(PROBLEM DETAILS) The answer must consist of each line below that holds the word "momentum", copied as it stands.

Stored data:
####################

(* Let $\mathcal C,\mathcal C'\subseteq\mathbb F_2^n$ be binary linear codes, $\sigma\in S_n$, $G$ a reduced basis of $\mathcal C$ (output of Algorithm R for $\mathcal C$ and the error-vector order built from some admissible order) and $G'$ a reduced basis of $\mathcal C'$ (output of Algorithm R for $\mathcal C'$ and the error-vector order built from some admissible order). Put $G^\star=\sigma(G)$. The following are equivalent: (i) $\mathcal C'=\sigma(\mathcal C)$; (ii) $G^\star$ is a reduced basis for $\mathcal C'$, i.e. it is the output of Algorithm R for $\mathcal C'$ and the error-vector order built from some admissible order (some ordering of the variables); (iii) every binomial of $G^\star$ reduces to zero modulo $G'$, and every binomial of $G'$ reduces to zero modulo $G^\star$.
   Context: Binary setting: $[X]$ is the free commutative monoid on $X=\{x_1,\dots,x_n\}$; $\psi(\prod x_i^{\beta_i})=(\beta_i\bmod 2)_i\in\mathbb F_2^n$; a code of dimension $k$ has parity check matrix $H$ ($n\times(n-k)$, code $=\{c:cH=0\}$); syndrome $\xi(w)=\psi(w)H$. $\mathrm{Ind}(w)=\{i:x_i\mid w\}$. For an admissible order $\prec$ the error-vector order is $u<_e w$ iff $|\mathrm{Ind}(u)|<|\mathrm{Ind}(w)|$, or equality and $u\prec w$. For $\sigma\in S_n$: $\sigma((y_i)_i)=(y_{\sigma^{-1}(i)})_i$, $\sigma(\mathcal C)=\{\sigma(c):c\in\mathcal C\}$, on $[X]$ $\sigma$ is the automorphism $x_i\mapsto x_{\sigma(i)}$, acting termwise on binomials. Algorithm R: list $L$ sorted increasingly by $<_e$, set $N$, set $G$ of binomials; initially $L=(1)$, $N=G=\emptyset$. While $L\neq\emptyset$: remove the $<_e$-smallest $w$; if $w$ is divisible by the leading word of a binomial in $G$, discard it; otherwise if some $w'\in N$ has $\xi(w')=\xi(w)$, add $w-w'$ to $G$ with leading word $w$; else add $w$ to $N$ and insert all $wx$ ($x\in X$) into $L$. Output $(N,G)$. For a set $B$ of binomials each with a designated leading word (for $\sigma(G)$, the leading word of $\sigma(u-v)$ is $\sigma(u)$), one-step reduction modulo $B$: a non-standard word (some exponent $\ge2$) reduces to its standard form (exponents mod 2); a standard word $w=us$ with $u-u'\in B$ of leading word $u$ reduces to $u's$. Irreducible means no reduction applies. A binomial $u-v$ reduces to zero modulo $B$ if some irreducible word obtained from $u$ by a finite sequence of one-step reductions equals some irreducible word so obtained from $v$. *)

From HB Require Import structures.
From mathcomp Require Import all_boot all_order all_algebra all_fingroup.
From Stdlib Require Import Relations.
Set Implicit Arguments. Unset Strict Implicit. Unset Printing Implicit Defensive.
Import GRing.Theory.
Local Open Scope ring_scope.
(* a sign vector [e] turns the centred counts into a sum of [m] i.i.d. [+-1]-valued terms *)
Lemma mean_expR_signed_dev_le (e : {ffun 'I_n -> bool}) :
  \sum_x wt x * expR (\sum_(i < n) (-1) ^+ e i * (s * ((kcount h x i)%:R - m%:R * p i)))
    <= expR (28 / 5 * t).
Proof.
pose g u : R := (-1) ^+ e (h u).
have g_bnd u : -1 <= g u <= 1.
  by rewrite /g; case: (e (h u)); rewrite /= ?expr1 ?expr0 lexx ?andbT; lra.
pose b := \sum_u q u * g u.
have b_ge : -1 <= b.
  have : \sum_u q u * -1 <= b.
    by apply: ler_sum => u _; rewrite ler_wpM2l //; case/andP: (g_bnd u).
  by rewrite -mulr_suml sum_q mul1r.
have dev x : \sum_(i < n) (-1) ^+ e i * (s * ((kcount h x i)%:R - m%:R * p i)) =
    s * \sum_(j < m) (g (x j) - b) - 0.
  have Ek : \sum_(j < m) g (x j) = \sum_(i < n) (-1) ^+ e i * (kcount h x i)%:R :=
    esym (sum_kcount_mul h _ x).
  have Eb : b = \sum_(i < n) p i * (-1) ^+ e i := sum_comp_h q h _.
  have Em : \sum_(j < m) b = m%:R * b by rewrite sumr_const card_ord mulr_natl.
  rewrite subr0 sumrB Em Ek Eb mulr_sumr -sumrB mulr_sumr.
  by apply: eq_bigr => i _; ring.
under eq_bigr do rewrite dev.
have g_dev u : 7 / 5 * (s * (g u - b)) <= 7 / 5 - 1.
  have : s * (g u - b) <= s * 2.
    by rewrite ler_wpM2l ?sqrtr_ge0 //; case/andP: (g_bnd u); lra.
  by have := s_le17; lra.
have var_g : \sum_u q u * g u ^+ 2 <= 1.
  by under eq_bigr => u _ do rewrite /g sqrr_sign mulr1; rewrite sum_q.
have gam_gt1 : 1 < 7 / 5 :> R by rewrite ltr_pdivlMr // mul1r ltr_nat.
apply: (le_trans (chernoff_sum_le q_ge0 sum_q m 0 (erefl b) gam_gt1 g_dev var_g)).
have -> : m%:R * (7 / 5) * s ^+ 2 * 1 - 0 = 7 / 5 * (s ^+ 2 * m%:R) by ring.
by rewrite sqr_s_mul_m ler_expR; lra.
Qed.

Lemma mean_quad_witness_le : \sum_x wt x * quad_witness x <= expR (- (12 / 5 * t)).
Proof.
pose F (e : {ffun 'I_n -> bool}) (x : {ffun 'I_m -> U}) :=
  expR (\sum_(i < n) (-1) ^+ e i * (s * ((kcount h x i)%:R - m%:R * p i))).
have -> : \sum_x wt x * quad_witness x =
    expR (- (8 * t)) / 2 ^+ n * \sum_(e : {ffun 'I_n -> bool}) \sum_x wt x * F e x.
  transitivity (\sum_x \sum_(e : {ffun 'I_n -> bool}) expR (- (8 * t)) / 2 ^+ n * (wt x * F e x)).
    apply: eq_bigr => x _; rewrite /quad_witness prod_cosh_sum_signs mulr_suml !mulr_sumr.
    by apply: eq_bigr => e _; rewrite /F; ring.
  by rewrite exchange_big mulr_sumr; apply: eq_bigr => e _; rewrite mulr_sumr.
have sum_le : \sum_(e : {ffun 'I_n -> bool}) \sum_x wt x * F e x <=
    \sum_(e : {ffun 'I_n -> bool}) expR (28 / 5 * t).
  by apply: ler_sum => e _; apply: mean_expR_signed_dev_le.
apply: (le_trans (ler_wpM2l _ sum_le)); first by rewrite divr_ge0 ?expR_ge0 ?exprn_ge0.
rewrite sumr_const card_ffun card_bool card_ord -[_ *+ (2 ^ n)%N]mulr_natr natrX.
by rewrite mulrCA divfK ?expf_neq0 ?pnatr_eq0 // -expRD ler_expR; lra.
Qed.

Definition witness (x : {ffun 'I_m -> U}) : R :=
  lin_witness false x + lin_witness true x + quad_witness x.

Lemma witness_ge0 x : 0 <= witness x.
Proof.
apply: addr_ge0; last exact: quad_witness_ge0.
by apply: addr_ge0; apply: expR_ge0.
Qed.

Lemma witness_ge1_of_bad x : ~~ good_estimate x -> 1 <= witness x.
Proof.
move=> bad; have lin_ge0 (b : bool) : 0 <= lin_witness b x := expR_ge0 _.
have quad_ge0 := quad_witness_ge0 x.
have [Q_hi|Q_lo] := leP (36 * m%:R * t) (quad_dev x).
  by rewrite /witness ler_wpDl ?addr_ge0 ?quad_witness_ge1.
have [D_hi|D_lo] := leP c (lin_dev x).
  rewrite /witness -addrA ler_wpDr ?addr_ge0 //.
  by rewrite lin_witness_ge1 // expr0 mul1r.
have [D_lo'|D_hi'] := leP c (- lin_dev x).
  rewrite /witness (addrC (lin_witness false x)) -addrA ler_wpDr ?addr_ge0 //.
  by rewrite lin_witness_ge1 // expr1 mulN1r.
by move: bad; rewrite collision_close_of_small_dev // ltr_norml D_lo andbT -ltrNl.
Qed.

Lemma mean_witness_le : \sum_x wt x * witness x <= 10 / 9 * expR (- t).
Proof.
under eq_bigr do rewrite /witness !mulrDr.
rewrite !big_split /=; apply: (le_trans _ (expR_tails_le t_ge1)).
rewrite mulr_natl mulr2n; apply: lerD; last exact: mean_quad_witness_le.
by apply: lerD; apply: mean_lin_witness_le.
Qed.

Lemma collision_estimate : 1 - 10 / 9 * expR (- t) <= prodprob q good_estimate.
Proof.
apply: (le_trans _ (prodprob_ge_1Bmean q_ge0 sum_q witness_ge0 witness_ge1_of_bad)).
by rewrite lerD2l lerN2 mean_witness_le.
Qed.

End CollisionEstimate.
(* Let $A,B:[0,T]\to\mathrm{Sym}(n)$ be continuous with $B(t)$ positive definite and $A(t)$ negative semidefinite for all $t\in[0,T]$, and consider the natural quadratic Hamiltonian $H(t,p,q)=\frac12\big[\langle B(t)p,p\rangle+\langle A(t)q,q\rangle\big]$ on $[0,T]\times\mathbb R^{2n}$. Let $\psi$ be the fundamental solution of the linear Hamiltonian system $z'=J_0\nabla H(t,z)$, i.e. $\psi'=J_0\,\mathrm{diag}(B(t),A(t))\,\psi$, $\psi(0)=\mathrm{Id}$. Let $L_0\in\Lambda(n)$, $\ell(t)=\psi(t)L_0$ and $\mathrm{mul}(t_0)=\dim(\ell(t_0)\cap L_D)$. Then the set of $t_0\in[0,T]$ with $\mathrm{mul}(t_0)>0$ is finite and $$\sum_{t_0\in[0,T]}\mathrm{mul}(t_0)\le n.$$
   Context: The standard symplectic space is $\mathbb R^{2n}=\mathbb R^n\oplus\mathbb R^n$ with coordinates $z=(p,q)$ ($p$ momentum, $q$ configuration), $\omega_0((p_1,q_1),(p_2,q_2))=\langle p_1,q_2\rangle-\langle q_1,p_2\rangle$, $J_0(p,q)=(-q,p)$ so that $z'=J_0\nabla H$ means $p'=-\nabla_qH$, $q'=\nabla_pH$; $\Lambda(n)$ is the Lagrangian Grassmannian and $L_D=\mathbb R^n\times\{0\}=\{(p,0):p\in\mathbb R^n\}$ is the Dirichlet Lagrangian. $\mathrm{Sym}(n)$ denotes real symmetric $n\times n$ matrices. *)

From HB Require Import structures.
From mathcomp Require Import all_boot all_order all_algebra.
From mathcomp Require Import all_classical all_reals all_analysis.
Set Implicit Arguments. Unset Strict Implicit. Unset Printing Implicit Defensive.
Import Order.TTheory GRing.Theory Num.Theory.
Local Open Scope ring_scope.

(* Vectors of R^{2n} are row vectors z = (p, q) : 'rV_(n + n),
   p = lsubmx z (momentum), q = rsubmx z (configuration).
   Linear maps (matrices M : 'M_(n+n)) act on column vectors, i.e. the image
   of the row vector z is  z *m M^T. Subspaces are row spaces (%MS). *)

Section SymplecticDefs.
Variables (R : realType) (n : nat).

####################

(SOLVED EXERCISE)
   Context: The standard symplectic space is $\mathbb R^{2n}=\mathbb R^n\oplus\mathbb R^n$ with coordinates $z=(p,q)$ ($p$ momentum, $q$ configuration), $\omega_0((p_1,q_1),(p_2,q_2))=\langle p_1,q_2\rangle-\langle q_1,p_2\rangle$, $J_0(p,q)=(-q,p)$ so that $z'=J_0\nabla H$ means $p'=-\nabla_qH$, $q'=\nabla_pH$; $\Lambda(n)$ is the Lagrangian Grassmannian and $L_D=\mathbb R^n\times\{0\}=\{(p,0):p\in\mathbb R^n\}$ is the Dirichlet Lagrangian. $\mathrm{Sym}(n)$ denotes real symmetric $n\times n$ matrices. *)
   p = lsubmx z (momentum), q = rsubmx z (configuration).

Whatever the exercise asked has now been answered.